Saved entries:
● ● ● ● ●

Section NestedWeakBase.
Variables (T : Type) (op : set (set T)) (D : T -> nat -> set T).
Hypothesis D_nested : forall y n m, (n <= m)%N -> D y m `<=` D y n.

Lemma weak_base_of_nested :
    (forall y n, D y n y) ->
    (forall y U, op U -> U y -> exists n, D y n `<=` U) ->
    (forall G, (forall y, G y -> exists n, D y n `<=` G) -> op G) ->
  weak_base op (fun y => range (D y)).
Proof.
move=> Dmem Dsub Dopen; split.
- move=> y _ _ [i _ <-] [j _ <-]; exists (D y (maxn i j)) => //.
  by move=> x Dx; split; apply: (D_nested _ Dx); rewrite ?leq_maxl ?leq_maxr.
- by move=> y _ [n _ <-].
- by move=> y U oU Uy; have [n DU] := Dsub y U oU Uy; exists (D y n).
- move=> G GD; apply: Dopen => y /GD[_ [n _ <-] DG]; by exists n.
Qed.

Hypothesis D_weak_base : weak_base op (fun y => range (D y)).

Lemma seq_weak_base_mem y n : D y n y.
Proof. by case: D_weak_base => _ Dmem _ _; exact: Dmem. Qed.

Lemma nested_weak_base_near y U :
  op U -> U y -> \forall n \near \oo, D y n `<=` U.
Proof.
case: D_weak_base => _ _ Dsub _ oU Uy.
have [_ [k _ <-] DU] := Dsub y U oU Uy.
by exists k => // n /= kn; exact: subset_trans (D_nested kn) DU.
Qed.

Lemma seq_weak_base_open G : (forall y, G y -> exists n, D y n `<=` G) -> op G.
Proof.
case: D_weak_base => _ _ _ Dopen GD.
by apply: Dopen => y /GD[n DG]; exists (D y n).
Qed.

Lemma nested_weak_base_sequential : sequential_sp op.
Proof.
move=> U seqU; apply: seq_weak_base_open => y Uy.
apply: contrapT => noDU.
have /choice[x xP] n : exists x, D y n x /\ ~ U x.
  apply: contrapT => DU; apply: noDU; exists n => z Dz.
  by apply: contrapT => nUz; apply: DU; exists z.
have xy : seq_conv op x y.
  move=> V oV Vy; have [k _ DV] := nested_weak_base_near oV Vy.
  by exists k => n kn; apply: DV kn _ (xP n).1.
have [N UxN] := seqU x y xy Uy.
exact: (xP N).2 (UxN N (leqnn N)).
Qed.

Lemma seq_weak_base_g_first_countable : g_first_countable op.
Proof.
exists (fun y => range (D y)); split => // y.
exact: sub_countable (card_image_le _ _) (countableP _).
Qed.

End NestedWeakBase.

Lemma g_first_countable_nested (T : Type) (op : set (set T)) : op setT ->
  g_first_countable op -> exists2 D : T -> nat -> set T,
    (forall y n m, (n <= m)%N -> D y m `<=` D y n) &
    weak_base op (fun y => range (D y)).
Proof.
move=> opT [P [[Pmeet Pmem Psub Popen] Pcount]].
have /choice[e eP] y : exists e : nat -> set T, range e = P y.
  apply: countable_range_enum; first exact: Pcount.
  by have [W PW _] := Psub y setT opT I; exists W.
pose D y := fix D n := if n is k.+1
  then xget setT [set W | P y W /\ W `<=` D k `&` e y k.+1] else e y 0.
have Pe y k : P y (e y k) by rewrite -eP; exists k.
have Dstep y n :
    P y (D y n) -> P y (D y n.+1) /\ D y n.+1 `<=` D y n `&` e y n.+1.
  move=> PDn; have [W PW WDe] := Pmeet y _ _ PDn (Pe y n.+1).
  exact: (@xgetI _ setT [set W | P y W /\ W `<=` D y n `&` e y n.+1] W).
have PD y n : P y (D y n).
  by elim: n => [|n /Dstep[]//]; exact: Pe.
have De y n : D y n `<=` e y n.
  by case: n => [|n] // x /(Dstep y n (PD y n)).2[].
have Dnested y n m : (n <= m)%N -> D y m `<=` D y n.
  elim: m => [|m IH]; first by rewrite leqn0 => /eqP ->.
  rewrite leq_eqVlt => /orP[/eqP -> //|/IH Dmn x /(Dstep y m (PD y m)).2[Dx _]].
  exact: Dmn.
exists D => //; apply: weak_base_of_nested => //.
- by move=> y n; exact: Pmem (PD y n).
- move=> y U oU Uy; have [W + WU] := Psub y U oU Uy.
  by rewrite -eP => -[k _ ekW]; exists k => x /De; rewrite ekW; exact: WU.
- by move=> G GD; apply: Popen => y /GD[n DG]; exists (D y n).
Qed.

Section Vietoris.
Variable X : topologicalType.
Local Notation vconv := (seq_conv (@vietoris_open X)).

Lemma vietoris_open_basic (Us : seq (set X)) :
  (forall U, U \in Us -> open U) -> vietoris_open (vietoris_basic Us).
Proof. by move=> oUs B UsB; exists Us; split. Qed.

● ● ● ● ●

_Problem_
Copy each record above so that no word or mark differs.

_Reply_
Section NestedWeakBase.
Variables (T : Type) (op : set (set T)) (D : T -> nat -> set T).
Hypothesis D_nested : forall y n m, (n <= m)%N -> D y m `<=` D y n.

Lemma weak_base_of_nested :
    (forall y n, D y n y) ->
    (forall y U, op U -> U y -> exists n, D y n `<=` U) ->
    (forall G, (forall y, G y -> exists n, D y n `<=` G) -> op G) ->
  weak_base op (fun y => range (D y)).
Proof.
move=> Dmem Dsub Dopen; split.
- move=> y _ _ [i _ <-] [j _ <-]; exists (D y (maxn i j)) => //.
  by move=> x Dx; split; apply: (D_nested _ Dx); rewrite ?leq_maxl ?leq_maxr.
- by move=> y _ [n _ <-].
- by move=> y U oU Uy; have [n DU] := Dsub y U oU Uy; exists (D y n).
- move=> G GD; apply: Dopen => y /GD[_ [n _ <-] DG]; by exists n.
Qed.

Hypothesis D_weak_base : weak_base op (fun y => range (D y)).

Lemma seq_weak_base_mem y n : D y n y.
Proof. by case: D_weak_base => _ Dmem _ _; exact: Dmem. Qed.

Lemma nested_weak_base_near y U :
  op U -> U y -> \forall n \near \oo, D y n `<=` U.
Proof.
case: D_weak_base => _ _ Dsub _ oU Uy.
have [_ [k _ <-] DU] := Dsub y U oU Uy.
by exists k => // n /= kn; exact: subset_trans (D_nested kn) DU.
Qed.

Lemma seq_weak_base_open G : (forall y, G y -> exists n, D y n `<=` G) -> op G.
Proof.
case: D_weak_base => _ _ _ Dopen GD.
by apply: Dopen => y /GD[n DG]; exists (D y n).
Qed.

Lemma nested_weak_base_sequential : sequential_sp op.
Proof.
move=> U seqU; apply: seq_weak_base_open => y Uy.
apply: contrapT => noDU.
have /choice[x xP] n : exists x, D y n x /\ ~ U x.
  apply: contrapT => DU; apply: noDU; exists n => z Dz.
  by apply: contrapT => nUz; apply: DU; exists z.
have xy : seq_conv op x y.
  move=> V oV Vy; have [k _ DV] := nested_weak_base_near oV Vy.
  by exists k => n kn; apply: DV kn _ (xP n).1.
have [N UxN] := seqU x y xy Uy.
exact: (xP N).2 (UxN N (leqnn N)).
Qed.

Lemma seq_weak_base_g_first_countable : g_first_countable op.
Proof.
exists (fun y => range (D y)); split => // y.
exact: sub_countable (card_image_le _ _) (countableP _).
Qed.

End NestedWeakBase.

Lemma g_first_countable_nested (T : Type) (op : set (set T)) : op setT ->
  g_first_countable op -> exists2 D : T -> nat -> set T,
    (forall y n m, (n <= m)%N -> D y m `<=` D y n) &
    weak_base op (fun y => range (D y)).
Proof.
move=> opT [P [[Pmeet Pmem Psub Popen] Pcount]].
have /choice[e eP] y : exists e : nat -> set T, range e = P y.
  apply: countable_range_enum; first exact: Pcount.
  by have [W PW _] := Psub y setT opT I; exists W.
pose D y := fix D n := if n is k.+1
  then xget setT [set W | P y W /\ W `<=` D k `&` e y k.+1] else e y 0.
have Pe y k : P y (e y k) by rewrite -eP; exists k.
have Dstep y n :
    P y (D y n) -> P y (D y n.+1) /\ D y n.+1 `<=` D y n `&` e y n.+1.
  move=> PDn; have [W PW WDe] := Pmeet y _ _ PDn (Pe y n.+1).
  exact: (@xgetI _ setT [set W | P y W /\ W `<=` D y n `&` e y n.+1] W).
have PD y n : P y (D y n).
  by elim: n => [|n /Dstep[]//]; exact: Pe.
have De y n : D y n `<=` e y n.
  by case: n => [|n] // x /(Dstep y n (PD y n)).2[].
have Dnested y n m : (n <= m)%N -> D y m `<=` D y n.
  elim: m => [|m IH]; first by rewrite leqn0 => /eqP ->.
  rewrite leq_eqVlt => /orP[/eqP -> //|/IH Dmn x /(Dstep y m (PD y m)).2[Dx _]].
  exact: Dmn.
exists D => //; apply: weak_base_of_nested => //.
- by move=> y n; exact: Pmem (PD y n).
- move=> y U oU Uy; have [W + WU] := Psub y U oU Uy.
  by rewrite -eP => -[k _ ekW]; exists k => x /De; rewrite ekW; exact: WU.
- by move=> G GD; apply: Popen => y /GD[n DG]; exists (D y n).
Qed.

Section Vietoris.
Variable X : topologicalType.
Local Notation vconv := (seq_conv (@vietoris_open X)).

Lemma vietoris_open_basic (Us : seq (set X)) :
  (forall U, U \in Us -> open U) -> vietoris_open (vietoris_basic Us).
Proof. by move=> oUs B UsB; exists Us; split. Qed.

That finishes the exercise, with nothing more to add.